═════ Given records
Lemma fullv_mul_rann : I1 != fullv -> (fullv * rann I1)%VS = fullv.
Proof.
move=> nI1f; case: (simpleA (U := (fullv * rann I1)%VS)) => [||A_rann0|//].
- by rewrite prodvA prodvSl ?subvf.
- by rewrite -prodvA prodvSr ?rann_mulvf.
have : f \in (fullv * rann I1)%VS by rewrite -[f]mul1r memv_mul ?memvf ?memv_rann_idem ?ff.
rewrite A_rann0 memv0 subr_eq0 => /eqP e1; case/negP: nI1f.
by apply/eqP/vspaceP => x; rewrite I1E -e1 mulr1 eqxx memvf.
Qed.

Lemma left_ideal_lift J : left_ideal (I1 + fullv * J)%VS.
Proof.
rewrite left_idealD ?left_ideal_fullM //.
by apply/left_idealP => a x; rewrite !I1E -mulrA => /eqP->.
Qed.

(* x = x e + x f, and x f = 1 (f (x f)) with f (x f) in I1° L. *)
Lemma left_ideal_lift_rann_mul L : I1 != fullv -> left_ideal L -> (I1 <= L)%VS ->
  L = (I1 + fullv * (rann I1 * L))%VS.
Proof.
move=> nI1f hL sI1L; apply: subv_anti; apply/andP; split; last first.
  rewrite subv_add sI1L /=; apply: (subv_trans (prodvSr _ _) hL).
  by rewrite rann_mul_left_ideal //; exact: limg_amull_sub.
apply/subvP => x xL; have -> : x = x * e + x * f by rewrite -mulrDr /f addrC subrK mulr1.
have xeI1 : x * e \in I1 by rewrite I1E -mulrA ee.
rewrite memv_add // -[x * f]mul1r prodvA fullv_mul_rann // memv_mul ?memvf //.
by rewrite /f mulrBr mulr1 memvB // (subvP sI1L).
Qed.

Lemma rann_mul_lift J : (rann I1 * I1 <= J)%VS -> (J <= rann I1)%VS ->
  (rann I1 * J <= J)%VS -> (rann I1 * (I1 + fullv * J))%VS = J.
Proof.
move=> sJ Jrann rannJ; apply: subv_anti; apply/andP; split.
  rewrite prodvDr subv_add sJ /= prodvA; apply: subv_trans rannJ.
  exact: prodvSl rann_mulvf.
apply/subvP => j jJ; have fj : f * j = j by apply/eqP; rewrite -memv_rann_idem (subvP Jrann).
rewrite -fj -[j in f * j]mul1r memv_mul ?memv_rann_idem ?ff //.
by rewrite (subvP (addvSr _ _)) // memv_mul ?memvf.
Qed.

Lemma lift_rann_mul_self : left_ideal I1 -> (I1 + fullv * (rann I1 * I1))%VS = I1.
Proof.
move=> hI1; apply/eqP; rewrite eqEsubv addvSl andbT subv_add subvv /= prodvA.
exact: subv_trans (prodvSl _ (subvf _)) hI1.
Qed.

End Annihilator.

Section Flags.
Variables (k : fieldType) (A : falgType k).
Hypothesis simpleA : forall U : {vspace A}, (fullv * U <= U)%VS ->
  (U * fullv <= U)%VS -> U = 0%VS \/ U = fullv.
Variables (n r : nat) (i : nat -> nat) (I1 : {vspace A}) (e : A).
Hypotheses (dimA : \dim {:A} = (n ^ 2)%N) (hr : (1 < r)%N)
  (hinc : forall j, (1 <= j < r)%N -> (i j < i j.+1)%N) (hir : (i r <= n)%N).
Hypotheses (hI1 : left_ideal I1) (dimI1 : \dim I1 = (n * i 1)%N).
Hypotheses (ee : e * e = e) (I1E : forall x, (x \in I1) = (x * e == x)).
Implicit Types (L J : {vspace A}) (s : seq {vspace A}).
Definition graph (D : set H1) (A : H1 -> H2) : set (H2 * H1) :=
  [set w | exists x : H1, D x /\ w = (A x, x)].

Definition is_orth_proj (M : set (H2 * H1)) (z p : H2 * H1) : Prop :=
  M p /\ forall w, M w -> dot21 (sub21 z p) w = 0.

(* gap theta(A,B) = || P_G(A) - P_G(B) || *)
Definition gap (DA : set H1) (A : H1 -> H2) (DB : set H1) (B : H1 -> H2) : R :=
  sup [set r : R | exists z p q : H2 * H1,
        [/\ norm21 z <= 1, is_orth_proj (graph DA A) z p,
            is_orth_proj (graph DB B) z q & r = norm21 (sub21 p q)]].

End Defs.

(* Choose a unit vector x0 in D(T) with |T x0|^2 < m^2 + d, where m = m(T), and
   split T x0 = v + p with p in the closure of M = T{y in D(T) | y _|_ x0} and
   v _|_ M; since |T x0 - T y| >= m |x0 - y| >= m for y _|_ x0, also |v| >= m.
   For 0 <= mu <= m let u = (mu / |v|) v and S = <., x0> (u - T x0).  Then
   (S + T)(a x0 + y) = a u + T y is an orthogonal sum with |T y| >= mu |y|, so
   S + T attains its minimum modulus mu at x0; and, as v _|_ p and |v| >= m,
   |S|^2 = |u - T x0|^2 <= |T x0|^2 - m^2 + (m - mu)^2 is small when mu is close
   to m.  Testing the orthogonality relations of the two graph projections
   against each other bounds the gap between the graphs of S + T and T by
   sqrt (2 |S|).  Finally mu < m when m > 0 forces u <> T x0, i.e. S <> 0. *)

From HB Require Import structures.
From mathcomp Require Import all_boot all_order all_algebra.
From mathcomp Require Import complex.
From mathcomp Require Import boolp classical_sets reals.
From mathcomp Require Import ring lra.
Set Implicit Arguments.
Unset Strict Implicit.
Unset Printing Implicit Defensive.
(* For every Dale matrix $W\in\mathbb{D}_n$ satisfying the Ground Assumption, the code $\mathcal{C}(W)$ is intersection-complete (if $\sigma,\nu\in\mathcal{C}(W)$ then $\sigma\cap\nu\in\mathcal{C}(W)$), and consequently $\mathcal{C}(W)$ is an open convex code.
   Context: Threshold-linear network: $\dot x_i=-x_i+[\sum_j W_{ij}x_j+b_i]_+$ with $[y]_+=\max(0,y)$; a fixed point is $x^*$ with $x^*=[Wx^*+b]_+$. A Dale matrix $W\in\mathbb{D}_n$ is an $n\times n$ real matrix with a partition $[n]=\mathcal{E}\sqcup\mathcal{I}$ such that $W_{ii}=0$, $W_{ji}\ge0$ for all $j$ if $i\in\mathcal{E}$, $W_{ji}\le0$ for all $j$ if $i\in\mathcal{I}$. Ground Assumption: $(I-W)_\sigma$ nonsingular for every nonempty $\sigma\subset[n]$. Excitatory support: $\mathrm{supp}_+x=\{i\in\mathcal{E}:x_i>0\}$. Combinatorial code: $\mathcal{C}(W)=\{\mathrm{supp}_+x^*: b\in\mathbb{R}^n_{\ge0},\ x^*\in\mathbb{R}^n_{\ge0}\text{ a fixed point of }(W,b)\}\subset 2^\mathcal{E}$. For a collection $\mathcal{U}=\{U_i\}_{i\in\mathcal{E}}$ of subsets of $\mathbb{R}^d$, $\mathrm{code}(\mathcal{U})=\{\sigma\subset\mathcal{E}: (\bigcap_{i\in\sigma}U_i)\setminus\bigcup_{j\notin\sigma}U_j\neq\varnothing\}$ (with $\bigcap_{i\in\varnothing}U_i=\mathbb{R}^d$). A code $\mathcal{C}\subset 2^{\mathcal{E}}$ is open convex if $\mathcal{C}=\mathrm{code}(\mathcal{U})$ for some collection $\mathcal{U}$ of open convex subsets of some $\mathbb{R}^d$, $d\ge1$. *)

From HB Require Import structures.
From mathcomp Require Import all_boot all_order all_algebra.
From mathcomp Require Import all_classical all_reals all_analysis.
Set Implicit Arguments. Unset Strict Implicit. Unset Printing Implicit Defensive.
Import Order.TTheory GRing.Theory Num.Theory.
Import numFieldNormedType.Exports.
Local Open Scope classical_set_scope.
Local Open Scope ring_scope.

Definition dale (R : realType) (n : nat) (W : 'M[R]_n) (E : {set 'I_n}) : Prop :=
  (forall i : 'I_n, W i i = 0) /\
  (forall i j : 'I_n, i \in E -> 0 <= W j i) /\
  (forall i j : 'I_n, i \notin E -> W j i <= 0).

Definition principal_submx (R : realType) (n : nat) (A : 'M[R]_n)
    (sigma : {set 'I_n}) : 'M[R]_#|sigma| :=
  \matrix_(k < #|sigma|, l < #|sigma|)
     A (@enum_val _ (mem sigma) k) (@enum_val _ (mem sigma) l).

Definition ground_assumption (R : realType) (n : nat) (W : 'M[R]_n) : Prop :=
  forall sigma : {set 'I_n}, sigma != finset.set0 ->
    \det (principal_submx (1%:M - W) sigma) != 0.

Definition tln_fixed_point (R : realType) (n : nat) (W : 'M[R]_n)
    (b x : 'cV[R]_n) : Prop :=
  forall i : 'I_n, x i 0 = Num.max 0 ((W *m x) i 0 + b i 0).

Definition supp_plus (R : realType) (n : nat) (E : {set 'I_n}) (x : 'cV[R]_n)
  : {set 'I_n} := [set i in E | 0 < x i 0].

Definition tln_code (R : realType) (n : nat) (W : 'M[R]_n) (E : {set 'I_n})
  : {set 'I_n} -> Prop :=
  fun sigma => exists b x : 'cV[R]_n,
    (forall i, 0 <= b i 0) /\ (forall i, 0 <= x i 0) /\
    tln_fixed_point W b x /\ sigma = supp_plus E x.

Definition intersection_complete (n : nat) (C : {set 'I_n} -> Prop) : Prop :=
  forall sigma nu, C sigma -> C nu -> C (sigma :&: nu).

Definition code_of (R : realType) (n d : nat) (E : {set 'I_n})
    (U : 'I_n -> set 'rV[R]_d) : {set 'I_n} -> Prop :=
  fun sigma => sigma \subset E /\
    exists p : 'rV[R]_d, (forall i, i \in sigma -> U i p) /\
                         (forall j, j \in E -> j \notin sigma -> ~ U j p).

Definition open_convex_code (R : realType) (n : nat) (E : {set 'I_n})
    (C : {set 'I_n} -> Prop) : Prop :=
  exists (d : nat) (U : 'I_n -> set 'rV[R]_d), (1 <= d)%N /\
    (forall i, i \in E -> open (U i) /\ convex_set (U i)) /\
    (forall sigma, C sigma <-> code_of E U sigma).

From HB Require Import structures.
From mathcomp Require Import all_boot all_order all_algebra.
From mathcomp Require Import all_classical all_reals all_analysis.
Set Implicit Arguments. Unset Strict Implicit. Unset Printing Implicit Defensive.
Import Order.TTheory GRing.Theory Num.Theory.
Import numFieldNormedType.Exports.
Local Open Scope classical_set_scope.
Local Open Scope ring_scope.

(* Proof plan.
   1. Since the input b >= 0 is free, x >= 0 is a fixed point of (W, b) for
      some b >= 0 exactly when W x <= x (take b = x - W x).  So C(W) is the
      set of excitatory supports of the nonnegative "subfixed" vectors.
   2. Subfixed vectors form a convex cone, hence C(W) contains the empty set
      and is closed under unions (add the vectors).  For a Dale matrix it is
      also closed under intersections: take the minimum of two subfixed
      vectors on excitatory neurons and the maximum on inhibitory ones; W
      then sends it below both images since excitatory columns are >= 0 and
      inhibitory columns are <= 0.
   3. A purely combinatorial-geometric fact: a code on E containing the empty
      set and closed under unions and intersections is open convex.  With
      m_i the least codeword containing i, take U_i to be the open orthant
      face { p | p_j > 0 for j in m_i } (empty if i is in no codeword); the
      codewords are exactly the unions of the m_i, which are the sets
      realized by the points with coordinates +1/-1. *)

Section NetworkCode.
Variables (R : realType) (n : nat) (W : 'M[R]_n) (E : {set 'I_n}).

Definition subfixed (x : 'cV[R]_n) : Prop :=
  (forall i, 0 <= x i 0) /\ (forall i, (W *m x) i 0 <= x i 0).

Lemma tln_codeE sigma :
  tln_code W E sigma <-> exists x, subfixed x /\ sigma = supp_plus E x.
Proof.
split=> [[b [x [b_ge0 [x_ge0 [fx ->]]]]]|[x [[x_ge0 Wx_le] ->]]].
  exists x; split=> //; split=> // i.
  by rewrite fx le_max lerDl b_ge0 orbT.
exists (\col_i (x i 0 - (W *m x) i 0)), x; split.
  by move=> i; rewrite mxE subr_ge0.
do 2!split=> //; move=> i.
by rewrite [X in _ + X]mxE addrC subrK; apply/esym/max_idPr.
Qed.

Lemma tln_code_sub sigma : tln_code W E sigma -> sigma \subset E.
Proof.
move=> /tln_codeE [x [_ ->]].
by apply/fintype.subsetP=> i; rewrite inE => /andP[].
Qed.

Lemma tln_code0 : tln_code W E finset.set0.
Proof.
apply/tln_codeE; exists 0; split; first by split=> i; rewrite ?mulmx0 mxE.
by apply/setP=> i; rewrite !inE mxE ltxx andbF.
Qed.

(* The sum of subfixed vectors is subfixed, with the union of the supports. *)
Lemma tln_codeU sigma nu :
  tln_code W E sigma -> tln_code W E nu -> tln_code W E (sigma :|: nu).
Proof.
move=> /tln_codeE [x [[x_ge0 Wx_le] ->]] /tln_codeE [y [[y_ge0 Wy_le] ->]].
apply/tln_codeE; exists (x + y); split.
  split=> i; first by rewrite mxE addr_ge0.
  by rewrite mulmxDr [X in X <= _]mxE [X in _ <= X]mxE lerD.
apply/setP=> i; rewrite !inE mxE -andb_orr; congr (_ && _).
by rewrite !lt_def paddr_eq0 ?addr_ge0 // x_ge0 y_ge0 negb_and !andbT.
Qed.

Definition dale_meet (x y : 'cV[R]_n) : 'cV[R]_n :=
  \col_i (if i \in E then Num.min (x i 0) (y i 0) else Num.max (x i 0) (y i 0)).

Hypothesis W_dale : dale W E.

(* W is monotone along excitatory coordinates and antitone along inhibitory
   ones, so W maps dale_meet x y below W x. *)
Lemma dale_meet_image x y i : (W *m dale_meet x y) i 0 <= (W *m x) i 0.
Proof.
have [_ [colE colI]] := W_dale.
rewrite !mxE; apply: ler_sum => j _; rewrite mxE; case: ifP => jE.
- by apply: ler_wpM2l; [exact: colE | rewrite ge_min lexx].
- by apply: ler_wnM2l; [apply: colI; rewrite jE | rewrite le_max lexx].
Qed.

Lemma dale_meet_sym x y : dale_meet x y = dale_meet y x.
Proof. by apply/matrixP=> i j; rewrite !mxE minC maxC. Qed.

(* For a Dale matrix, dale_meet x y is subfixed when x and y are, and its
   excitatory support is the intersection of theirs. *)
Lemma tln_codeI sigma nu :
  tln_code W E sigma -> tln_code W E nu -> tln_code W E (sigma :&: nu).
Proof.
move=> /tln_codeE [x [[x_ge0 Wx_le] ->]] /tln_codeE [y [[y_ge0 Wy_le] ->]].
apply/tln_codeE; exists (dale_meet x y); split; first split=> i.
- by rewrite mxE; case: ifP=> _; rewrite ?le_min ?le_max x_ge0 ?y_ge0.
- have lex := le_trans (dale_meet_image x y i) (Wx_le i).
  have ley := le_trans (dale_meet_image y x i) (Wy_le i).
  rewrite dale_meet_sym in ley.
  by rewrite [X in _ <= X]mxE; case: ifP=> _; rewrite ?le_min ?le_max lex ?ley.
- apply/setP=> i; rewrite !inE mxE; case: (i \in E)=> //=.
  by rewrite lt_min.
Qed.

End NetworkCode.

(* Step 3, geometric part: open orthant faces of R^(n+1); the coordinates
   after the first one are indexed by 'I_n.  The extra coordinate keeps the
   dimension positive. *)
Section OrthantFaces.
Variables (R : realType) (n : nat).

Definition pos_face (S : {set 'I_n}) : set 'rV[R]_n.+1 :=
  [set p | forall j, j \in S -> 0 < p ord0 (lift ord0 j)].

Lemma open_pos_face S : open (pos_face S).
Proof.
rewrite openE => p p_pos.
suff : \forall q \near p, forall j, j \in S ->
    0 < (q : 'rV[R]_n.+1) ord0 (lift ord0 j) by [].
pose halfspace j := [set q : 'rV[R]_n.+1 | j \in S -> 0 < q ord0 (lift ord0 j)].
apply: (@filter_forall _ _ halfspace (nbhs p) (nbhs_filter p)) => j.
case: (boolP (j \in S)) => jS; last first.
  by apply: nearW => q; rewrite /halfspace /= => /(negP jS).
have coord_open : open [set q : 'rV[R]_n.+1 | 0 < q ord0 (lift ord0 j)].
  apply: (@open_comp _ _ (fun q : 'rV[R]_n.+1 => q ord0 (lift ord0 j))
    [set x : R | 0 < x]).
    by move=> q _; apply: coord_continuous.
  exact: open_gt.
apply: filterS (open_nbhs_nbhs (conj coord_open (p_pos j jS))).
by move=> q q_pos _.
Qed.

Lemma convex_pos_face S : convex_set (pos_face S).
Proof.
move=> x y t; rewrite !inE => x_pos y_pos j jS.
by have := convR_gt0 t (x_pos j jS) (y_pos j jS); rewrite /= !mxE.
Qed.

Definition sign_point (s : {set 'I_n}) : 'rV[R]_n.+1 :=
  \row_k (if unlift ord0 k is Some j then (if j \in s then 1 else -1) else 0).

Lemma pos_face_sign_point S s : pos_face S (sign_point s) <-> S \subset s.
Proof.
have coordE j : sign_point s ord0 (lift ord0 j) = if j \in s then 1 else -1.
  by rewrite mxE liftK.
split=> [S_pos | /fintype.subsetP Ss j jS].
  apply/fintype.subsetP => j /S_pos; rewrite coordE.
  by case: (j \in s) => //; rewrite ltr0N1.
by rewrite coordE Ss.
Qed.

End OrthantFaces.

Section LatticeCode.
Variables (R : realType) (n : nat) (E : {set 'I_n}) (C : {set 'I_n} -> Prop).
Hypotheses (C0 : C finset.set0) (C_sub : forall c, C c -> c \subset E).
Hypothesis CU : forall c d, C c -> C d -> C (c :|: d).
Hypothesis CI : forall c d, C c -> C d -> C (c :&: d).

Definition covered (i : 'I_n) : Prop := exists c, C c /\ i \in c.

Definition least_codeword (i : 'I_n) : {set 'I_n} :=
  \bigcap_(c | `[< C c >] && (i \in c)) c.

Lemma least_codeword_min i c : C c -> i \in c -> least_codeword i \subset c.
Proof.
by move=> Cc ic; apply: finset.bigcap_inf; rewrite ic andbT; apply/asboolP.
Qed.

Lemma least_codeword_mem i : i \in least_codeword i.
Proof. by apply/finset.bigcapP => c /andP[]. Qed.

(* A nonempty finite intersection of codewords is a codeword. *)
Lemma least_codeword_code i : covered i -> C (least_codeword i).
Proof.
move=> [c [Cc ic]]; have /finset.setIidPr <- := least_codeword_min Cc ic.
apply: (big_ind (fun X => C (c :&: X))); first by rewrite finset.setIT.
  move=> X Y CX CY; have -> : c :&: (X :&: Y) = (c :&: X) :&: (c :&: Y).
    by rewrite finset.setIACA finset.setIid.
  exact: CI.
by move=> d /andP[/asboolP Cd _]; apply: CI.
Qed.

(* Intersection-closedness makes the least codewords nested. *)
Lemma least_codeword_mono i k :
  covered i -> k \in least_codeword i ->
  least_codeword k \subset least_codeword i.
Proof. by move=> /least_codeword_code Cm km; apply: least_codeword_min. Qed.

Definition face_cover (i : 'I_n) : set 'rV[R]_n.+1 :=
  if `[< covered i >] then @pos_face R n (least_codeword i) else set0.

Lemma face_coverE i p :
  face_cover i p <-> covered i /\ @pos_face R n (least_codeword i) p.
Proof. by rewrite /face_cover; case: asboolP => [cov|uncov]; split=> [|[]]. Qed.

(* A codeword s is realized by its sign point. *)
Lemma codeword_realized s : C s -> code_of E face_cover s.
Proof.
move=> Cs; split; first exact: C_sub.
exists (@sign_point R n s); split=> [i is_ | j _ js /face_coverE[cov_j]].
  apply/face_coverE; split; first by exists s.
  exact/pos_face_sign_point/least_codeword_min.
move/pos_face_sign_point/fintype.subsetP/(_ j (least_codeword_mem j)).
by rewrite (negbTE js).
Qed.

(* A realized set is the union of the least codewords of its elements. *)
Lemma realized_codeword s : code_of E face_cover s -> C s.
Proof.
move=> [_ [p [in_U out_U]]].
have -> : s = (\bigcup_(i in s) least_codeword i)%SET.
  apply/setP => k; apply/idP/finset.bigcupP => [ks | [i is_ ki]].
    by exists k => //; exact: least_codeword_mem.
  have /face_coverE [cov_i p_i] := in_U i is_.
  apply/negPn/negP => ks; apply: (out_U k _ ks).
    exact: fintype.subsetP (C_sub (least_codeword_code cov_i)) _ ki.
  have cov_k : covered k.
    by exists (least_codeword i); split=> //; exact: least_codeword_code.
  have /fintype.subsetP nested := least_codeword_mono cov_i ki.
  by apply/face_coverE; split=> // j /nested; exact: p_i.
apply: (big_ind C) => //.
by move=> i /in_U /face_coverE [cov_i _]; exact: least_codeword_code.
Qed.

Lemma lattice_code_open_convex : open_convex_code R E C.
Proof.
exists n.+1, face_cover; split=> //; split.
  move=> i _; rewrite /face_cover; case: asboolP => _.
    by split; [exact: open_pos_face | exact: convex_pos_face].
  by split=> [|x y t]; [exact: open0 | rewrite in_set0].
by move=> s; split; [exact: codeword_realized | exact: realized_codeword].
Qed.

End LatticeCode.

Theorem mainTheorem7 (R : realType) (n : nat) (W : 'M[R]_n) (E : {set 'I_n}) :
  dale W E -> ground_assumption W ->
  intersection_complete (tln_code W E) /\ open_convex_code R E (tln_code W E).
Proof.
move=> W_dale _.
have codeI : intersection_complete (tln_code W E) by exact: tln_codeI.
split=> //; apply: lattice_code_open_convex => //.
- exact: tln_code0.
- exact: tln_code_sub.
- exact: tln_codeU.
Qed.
══════════
■ **Task directions**: Beginning at the line with "by move=> q _; apply: coord_continuous." and stopping after the line with "Definition least_codeword (i", please write out every line of the data above exactly and nothing else.

■ **Result of the task**:
    by move=> q _; apply: coord_continuous.
  exact: open_gt.
apply: filterS (open_nbhs_nbhs (conj coord_open (p_pos j jS))).
by move=> q q_pos _.
Qed.

Lemma convex_pos_face S : convex_set (pos_face S).
Proof.
move=> x y t; rewrite !inE => x_pos y_pos j jS.
by have := convR_gt0 t (x_pos j jS) (y_pos j jS); rewrite /= !mxE.
Qed.

Definition sign_point (s : {set 'I_n}) : 'rV[R]_n.+1 :=
  \row_k (if unlift ord0 k is Some j then (if j \in s then 1 else -1) else 0).

Lemma pos_face_sign_point S s : pos_face S (sign_point s) <-> S \subset s.
Proof.
have coordE j : sign_point s ord0 (lift ord0 j) = if j \in s then 1 else -1.
  by rewrite mxE liftK.
split=> [S_pos | /fintype.subsetP Ss j jS].
  apply/fintype.subsetP => j /S_pos; rewrite coordE.
  by case: (j \in s) => //; rewrite ltr0N1.
by rewrite coordE Ss.
Qed.

End OrthantFaces.

Section LatticeCode.
Variables (R : realType) (n : nat) (E : {set 'I_n}) (C : {set 'I_n} -> Prop).
Hypotheses (C0 : C finset.set0) (C_sub : forall c, C c -> c \subset E).
Hypothesis CU : forall c d, C c -> C d -> C (c :|: d).
Hypothesis CI : forall c d, C c -> C d -> C (c :&: d).

Definition covered (i : 'I_n) : Prop := exists c, C c /\ i \in c.

Definition least_codeword (i : 'I_n) : {set 'I_n} :=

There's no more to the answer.